STUDY MATERIAL below:

Lemma sparse_graph_large_bags L : 0 < L -> exists (T : finType) (e : rel T),
  [/\ simple_graph e,
      forall r, 0 < r -> growth e r * L <= 6 * 97 ^ L * r &
      forall (I : finType) (t : rel I) (B : I -> {set T}),
        tree_decomposition e t B -> 3 * 97 ^ L < \max_(x : I) #|B x|].
Proof.
move=> L_gt0; have m_gt0 : 0 < 97 ^ L by rewrite expn_gt0.
have [s hit] := exists_hitting_perms m_gt0 (card_ord (6 * 97 ^ L)).
exists 'I_(6 * 97 ^ L), (perm_graph s); split.
- exact: perm_graph_simple.
- move=> r r_gt0.
  have deg x : #|[set y | perm_graph s x y]| <= 96 := perm_graph_degree s x.
  have := growth_le_degree r (perm_graph_simple s).1 deg.
  rewrite card_ord => growth_le.
  apply: leq_trans (leq_mul growth_le (leqnn L)) _.
  exact: min_expn_mul_le.
- move=> I t B td; have [x big_x] := td_big_bag td (perm_graph_linked hit).
  by rewrite card_ord in big_x; apply: leq_trans (leq_bigmax x); lia.
Qed.

Local Open Scope ring_scope.

Lemma td_width_ge (R : realType) (T I : finType) (B : I -> {set T}) k :
  (k < \max_(x : I) #|B x|)%N -> k%:R <= (td_width B)%:~R :> R.
Proof. by move=> k_lt; rewrite /td_width intrB lerBrDr natr1 ler_nat. Qed.

Lemma exists_growth_scale (R : realType) (c : R) : (6 * 97)%:R <= c ->
  exists L : nat,
    [/\ (0 < L)%N, (6 * 97 ^ L)%:R <= c * L%:R & c * L.+1%:R < (6 * 97 ^ L.+1)%:R].
Proof.
move=> c_ge; have c_gt0 : 0 < c by apply: lt_le_trans c_ge; rewrite ltr0n.
pose P n := (0 < n)%N && (c * n%:R < (6 * 97 ^ n)%:R).
have exP : exists n, P n.
  have := archi_boundP (ltW c_gt0); set N := Num.Def.archi_bound c => cN.
  exists N.+1; rewrite /P /=; apply: (lt_le_trans (y := N.+1%:R * N.+1%:R)).
    by rewrite ltr_pM2r ?ltr0Sn //; apply: lt_le_trans cN _; rewrite ler_nat.
  rewrite -natrM ler_nat.
  by elim: N.+1 => // n IH; have := ltn_expl n (isT : (1 < 97)%N); rewrite expnS; nia.
case: (ex_minnP exP) => n /andP[n_gt0 Pn] n_min.
have n_gt1 : (1 < n)%N.
  rewrite ltn_neqAle n_gt0 andbT; apply: contraTneq Pn => <-.
  by rewrite mulr1 expn1 -leNgt.
exists n.-1; rewrite prednK; last exact: ltnW.
split=> //; first by rewrite -ltnS prednK.
have : ~~ P n.-1 by apply/negP => /n_min; rewrite leqNgt ltn_predL n_gt0.
by rewrite /P -ltnS prednK // n_gt1 /= -leNgt.
Qed.

Lemma mul_ln_le (R : realType) (c : R) L : 1 <= c ->
  c * L.+1%:R < (6 * 97 ^ L.+1)%:R -> c * ln c <= 388 * ln 97 * (3 * 97 ^ L)%:R.
Proof.
move=> c_ge1 c_lt.
have ln97_gt0 : 0 < ln (97 : R) by rewrite ln_gt0 // ltr1n.
have c_gt0 : 0 < c by apply: lt_le_trans c_ge1.
have c_le : c <= (97 ^ L.+2)%:R.
  apply: le_trans (ltW (le_lt_trans _ c_lt)) _; first by rewrite ler_peMr ?ler1n ?ltW.
  by rewrite ler_nat [in leqRHS]expnS leq_mul2r orbT.
have ln_c : ln c <= (L%:R + 2) * ln 97.
  have -> : L%:R + 2 = L.+2%:R :> R by rewrite -[L.+2]addn2 natrD.
  by rewrite mulr_natl -lnXn ?ltr0n // -natrX ler_ln ?posrE ?ltr0n ?expn_gt0.
(* c ln c <= c (L + 2) ln 97 <= 2 c (L + 1) ln 97 < 2 * 582 * 97^L ln 97 *)
move: c_lt ln_c; rewrite [(97 ^ _)%N]expnS -[L.+1%:R]natr1 !natrM.
move: (L%:R : R) ((97 ^ L)%:R : R) (ler0n R L) => l p l_ge0 c_lt ln_c.
have := ler_wpM2l (ltW c_gt0) ln_c.
have := ler_wpM2l (ltW ln97_gt0) (ltW c_lt).
have : c * ln 97 <= c * (l + 1) * ln 97.
  have cu_ge0 : 0 <= c * ln 97 by rewrite mulr_ge0 ?ltW.
  nra.
lra.
Qed.

Theorem theorem8 (R : realType) (g : R -> R) :
  (forall c : R, 1 <= c ->
     forall (T : finType) (e : rel T), simple_graph e ->
       (forall r : nat, (0 < r)%N -> (growth e r)%:R <= c * r%:R) ->
       tw_le e (g c)) ->
  exists K : R, 0 < K /\
    exists c0 : R, forall c : R, c0 <= c -> K * (c * ln c) <= g c.
Proof.
move=> tw_bound; have ln97_gt0 : 0 < ln (97 : R) by rewrite ln_gt0 // ltr1n.
exists (388 * ln 97)^-1; split; first by rewrite invr_gt0 mulr_gt0.
exists (6 * 97)%:R => c c_ge.
have c_ge1 : 1 <= c by apply: le_trans c_ge; rewrite ler1n.
have [L [L_gt0 L_lower L_upper]] := exists_growth_scale c_ge.
have [T [e [e_simple e_growth e_bags]]] := sparse_graph_large_bags L_gt0.
have growth_le r : (0 < r)%N -> (growth e r)%:R <= c * r%:R.
  move=> r_gt0; have := e_growth r r_gt0.
  rewrite -(ler_nat R) natrM [X in _ <= X]natrM => growth_L.
  have L_pos : 0 < L%:R :> R by rewrite ltr0n.
  rewrite -(ler_pM2r L_pos); apply: le_trans growth_L _.
  by rewrite mulrAC ler_pM2r ?ltr0n.
have [I [t [B [td width_le]]]] := tw_bound c c_ge1 T e e_simple growth_le.
rewrite mulrC ler_pdivrMr ?mulr_gt0 // [g c * _]mulrC.
apply: le_trans (mul_ln_le c_ge1 L_upper) _.
rewrite ler_pM2l ?mulr_gt0 //.
exact: le_trans (td_width_ge R (e_bags I t B td)) width_le.
Qed.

End of STUDY MATERIAL.

> TRY IT
The answer is the lines above between the line holding "- move=> I t" and the line holding "move=> c_ge; have", inclusive, each written out exactly, and no others.

> RESPONSE AREA
- move=> I t B td; have [x big_x] := td_big_bag td (perm_graph_linked hit).
  by rewrite card_ord in big_x; apply: leq_trans (leq_bigmax x); lia.
Qed.

Local Open Scope ring_scope.

Lemma td_width_ge (R : realType) (T I : finType) (B : I -> {set T}) k :
  (k < \max_(x : I) #|B x|)%N -> k%:R <= (td_width B)%:~R :> R.
Proof. by move=> k_lt; rewrite /td_width intrB lerBrDr natr1 ler_nat. Qed.

Lemma exists_growth_scale (R : realType) (c : R) : (6 * 97)%:R <= c ->
  exists L : nat,
    [/\ (0 < L)%N, (6 * 97 ^ L)%:R <= c * L%:R & c * L.+1%:R < (6 * 97 ^ L.+1)%:R].
Proof.
move=> c_ge; have c_gt0 : 0 < c by apply: lt_le_trans c_ge; rewrite ltr0n.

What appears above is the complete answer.